» **TASK PROMPT**
Scan the entries below and return each line that contains "scalerAl".

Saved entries
==============================
Lemma commrZ (F : fieldType) (A : algType F) (a b : A) (c : F) :
  GRing.comm a b -> GRing.comm a (c *: b).
Proof. by rewrite /GRing.comm -scalerAr -scalerAl => ->. Qed.

Lemma skew_commrX (F : fieldType) (A : algType F) (a b : A) (c : F) :
  a * b = c *: (b * a) -> forall k, a * b ^+ k = c ^+ k *: (b ^+ k * a).
Proof.
move=> ab; elim=> [|k IH]; first by rewrite !expr0 mulr1 mul1r scale1r.
by rewrite exprSr mulrA IH -scalerAl -!mulrA ab -scalerAr scalerA -exprSr.
Qed.

Section PowerFamily.
Variables (F : fieldType) (n d : nat) (q : 'I_n -> F) (A : algType F).
Variables (x y h hi : 'I_n -> A).
Hypothesis rels : A_rels d q x y h hi.
Variable e : 'I_n -> nat.
Hypothesis q_exp : forall i, q i ^+ e i = q i.

Definition geom_h i := \sum_(j < e i) ((q i *: h i) ^+ d) ^+ j.
Definition pow_y i := y i * geom_h i.

Lemma comm_h_geom i : GRing.comm (h i) (geom_h i).
Proof. by apply: commr_sum => j _; do 2!apply: commrX; apply/commrZ/commr_refl. Qed.

Lemma geom_h_x i : geom_h i * x i = x i * \sum_(j < e i) (h i ^+ d) ^+ j.
Proof.
have [_ xh _ _ _] := rels.1 i.
rewrite mulr_suml mulr_sumr; apply: eq_bigr => j _.
by rewrite !exprZn -!exprM -scalerAl -(skew_commrX xh) exprM.
Qed.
==============================
» **ANSWER**
Proof. by rewrite /GRing.comm -scalerAr -scalerAl => ->. Qed.
by rewrite exprSr mulrA IH -scalerAl -!mulrA ab -scalerAr scalerA -exprSr.
by rewrite !exprZn -!exprM -scalerAl -(skew_commrX xh) exprM.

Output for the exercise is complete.